Monday, June 1, 2009
Rest in Peace, Dad: Here Are Some Things You Taught Me
Thirteen years ago, on June 1, 1996, my dad died of liver cancer. He died early in the afternoon, in his own bed. His last morning had been a brutal test for my mom and me. Dad began flopping around, as if he were physically fighting the end of his life. He wasn't really conscious, so he couldn't hear our pleas for him to settle down.

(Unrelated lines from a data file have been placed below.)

Lemma cocycle3_Mm a b c d : a \in G -> b \in G -> c \in G -> d \in G ->
  Phi a (b * c)%g d = Phi (a * b)%g c d * Phi a b (c * d)%g / (Phi b c d * Phi a b c).
Proof. by move=> Ga Gb Gc Gd; rewrite -PhiC.2 //; field; rewrite !Phi_neq0. Qed.

Lemma phit_neq0 g x y : g \in G -> x \in G -> y \in G -> phit Phi g x y != 0.
Proof. by move=> Gg Gx Gy; rewrite /phit mulf_neq0 ?invr_neq0 ?mulf_neq0 ?Phi_neq0. Qed.

Lemma phit_cocycle g x y z : g \in G -> x \in G -> y \in G -> z \in G ->
  phit Phi g x y * phit Phi g (x * y)%g z = phit Phi g y z * phit Phi g x (y * z)%g.
Proof.
move=> Gg Gx Gy Gz; have cGG := centsP abG.
rewrite /phit (cocycle3_Mm Gg Gx Gy Gz) (cGG g Gg x Gx) (cocycle3_Ml Gx Gg Gy Gz).
rewrite (cocycle3_Ml Gx Gy Gg Gz) (cocycle3_Ml Gx Gy Gz Gg).
rewrite (cGG g Gg y Gy) (cGG g Gg z Gz).
by field; rewrite !Phi_neq0 ?groupM.
Qed.

Lemma phit_comm_neq0 g x y : g \in G -> x \in G -> y \in G -> phit_comm Phi g x y != 0.
Proof. by move=> Gg Gx Gy; rewrite mulf_neq0 ?invr_neq0 ?phit_neq0. Qed.

Lemma phit_comm_cycle g x y : g \in G -> x \in G -> y \in G ->
  phit_comm Phi g x y = phit_comm Phi x y g.
Proof. by move=> Gg Gx Gy; rewrite /phit_comm /alt_form /phit; field; rewrite !Phi_neq0. Qed.

Lemma phit_comm_neq1_distinct g x y : g \in G -> x \in G -> y \in G ->
  phit_comm Phi g x y != 1 -> [/\ g != x, x != y & g != y].
Proof.
have comm_xx u v : u \in G -> v \in G -> phit_comm Phi u v v = 1.
  by move=> Gu Gv; apply: (alt_form_xx _ Gv) => a b Ga Gb; apply: phit_neq0.
move=> Gg Gx Gy comm_neq1; split; apply: contraNneq comm_neq1 => eq_uv.
- by rewrite -eq_uv phit_comm_cycle // phit_comm_cycle // comm_xx.
- by rewrite eq_uv comm_xx.
- by rewrite -eq_uv phit_comm_cycle // comm_xx.
Qed.

Lemma phit_commMl g h x y : g \in G -> h \in G -> x \in G -> y \in G ->
  phit_comm Phi (g * h)%g x y = phit_comm Phi g x y * phit_comm Phi h x y.
Proof.
move=> Gg Gh Gx Gy.
have cycle2 u : u \in G -> phit_comm Phi u x y = phit_comm Phi y u x.
  by move=> Gu; rewrite phit_comm_cycle // phit_comm_cycle.
rewrite !cycle2 ?groupM //; apply: (alt_formMl abG) => // [a b Ga Gb|a b c Ga Gb Gc].
  exact: phit_neq0.
exact: phit_cocycle.
Qed.

Lemma phit_comm1g x y : x \in G -> y \in G -> phit_comm Phi 1%g x y = 1.
Proof.
move=> Gx Gy; apply: (mulIf (phit_comm_neq0 (group1 G) Gx Gy)).
by rewrite mul1r -phit_commMl ?mulg1.
Qed.

Lemma phit_comm_gen_eq1 (S : {set gT}) x y : S \subset G -> x \in G -> y \in G ->
  {in S, forall s, phit_comm Phi s x y = 1} -> {in <<S>>%g, forall z, phit_comm Phi z x y = 1}.
Proof.
move=> sSG Gx Gy S1.
pose K := [set z in G | phit_comm Phi z x y == 1].
have gK : group_set K.
  apply/group_setP; split=> [|u v]; first by rewrite inE group1 phit_comm1g ?eqxx.
  rewrite !inE => /andP[Gu /eqP u1] /andP[Gv /eqP v1].
  by rewrite groupM // phit_commMl // u1 v1 mulr1 eqxx.
have sSK : <<S>>%g \subset K.
  rewrite -(gen_set_id gK) genS //; apply/subsetP => s Ss.
  by rewrite inE (subsetP sSG) // S1 ?eqxx.
by move=> z /(subsetP sSK); rewrite inE => /andP[_ /eqP].
Qed.

Lemma phit_comm_gen_neq1 (S : {set gT}) g x y : S \subset G ->
  g \in <<S>>%g -> x \in <<S>>%g -> y \in <<S>>%g -> phit_comm Phi g x y != 1 ->
  exists s1 s2 s3, [/\ s1 \in S, s2 \in S, s3 \in S & phit_comm Phi s1 s2 s3 != 1].
Proof.
move=> sSG; have sSgG : <<S>>%g \subset G by rewrite gen_subG.
have step z u v : z \in <<S>>%g -> u \in G -> v \in G -> phit_comm Phi z u v != 1 ->
    exists2 s, s \in S & phit_comm Phi u v s != 1.
  move=> Sz Gu Gv comm_neq1.
  case: (pickP [pred s in S | phit_comm Phi s u v != 1]) => [s /andP[Ss]|none].
    by exists s; rewrite // -phit_comm_cycle // (subsetP sSG).
  case/eqP: comm_neq1; apply: (phit_comm_gen_eq1 sSG) => // s Ss.
  by apply/eqP; have := none s; rewrite /= Ss => /negbFE.
have inG := subsetP sSgG; have SinG := subsetP sSG.
move=> Sg Sx Sy comm_neq1.
have [s1 Ss1 comm1] := step _ _ _ Sg (inG x Sx) (inG y Sy) comm_neq1.
have [s2 Ss2 comm2] := step _ _ _ Sx (inG y Sy) (SinG s1 Ss1) comm1.
have [s3 Ss3 comm3] := step _ _ _ Sy (SinG s1 Ss1) (SinG s2 Ss2) comm2.
by exists s1, s2, s3.
Qed.

End TwistedCommutator.

Lemma diag_conj_mxC (F : fieldType) (n : nat) (P A B : 'M[F]_n) : P \in unitmx ->
  is_diag_mx (P *m A *m invmx P) -> is_diag_mx (P *m B *m invmx P) -> comm_mx A B.
Proof.
move=> Pu /diag_mxP[a eA] /diag_mxP[b eB].
have conjM M N : P *m (M *m N) *m invmx P = P *m M *m invmx P *m (P *m N *m invmx P).
  by rewrite !mulmxA mulmxKV.
have conjK : cancel (fun M => P *m M *m invmx P) (fun M => invmx P *m M *m P).
  by move=> M; rewrite !mulmxA mulmxKV // mulVmx // mul1mx.
by apply: (can_inj conjK); rewrite /= !conjM eA eB diag_mxC.
Qed.

Lemma submx_dim0 (F : fieldType) (m p n : nat) (A : 'M[F]_(m, n)) (B : 'M_(p, n)) :
  n = 0%N -> (A <= B)%MS.
Proof. by move=> n0; subst n; rewrite thinmx0 sub0mx. Qed.

Section YDObject.

Variables (F : fieldType) (gT : finGroupType) (G : {group gT}).
Variables (Phi : gT -> gT -> gT -> F) (V : ydobj F gT).
Hypotheses (PhiC : cocycle3 G Phi) (VYD : is_yd G Phi V).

His flopping caused the mattress to slide off the box springs and Mom and I called our next door neighbor to help us lift him and the mattress back on the box spring. We succeeded and then we called Dad's medical guy who recommended that we give Dad a dose of his pain killer, morphine, I believe, and soon after I poured it, crushed in a tablespoon of water, he settled down.
Gradually his breathing slowed down and soon his breath came out in only a slight whistle. He died peacefully after a morning filled with thrashing. I was with him when he died and could hardly tell when he passed from being alive to having died. His breathing had become so weak, that when it ceased, it bore little difference to when he was breathing.
So, today, these thirteen years later, I've been thinking about what I learned from Dad and decided to compile a list. The order is random.
I learned from my father:
1. How to drink. Dad was kind of adamant when I turned eighteen/nineteen years old that I learn how, above all else, "to pace" myself, to quote him, when I started drinking beer. He never recommended moderation. He assumed that if I was going to spend a day or a night drinking beer, that it was not for any reason other than to get drunk. But, he told me again and again that I needed to "pace myself" and not drink like a "meat head". He also reminded me constantly that "a lot of people think being a drunk is fun. It's not. It's hard work." In other words, he knew that getting drunk always came at a cost, but the one thing he never did and would never allow me to do, was miss work, or, when I was in college, miss class, just because I felt lousy after a night of drinking. I don't remember Dad ever missing a day of work because of a hangover or because he was still drunk when he woke up in the morning and I followed in his footsteps. It didn't matter what shape I was in, getting drunk was never a reason to miss work or miss class. I always remembered, "A lot of people think being a drunk is fun. It's not. It's hard work."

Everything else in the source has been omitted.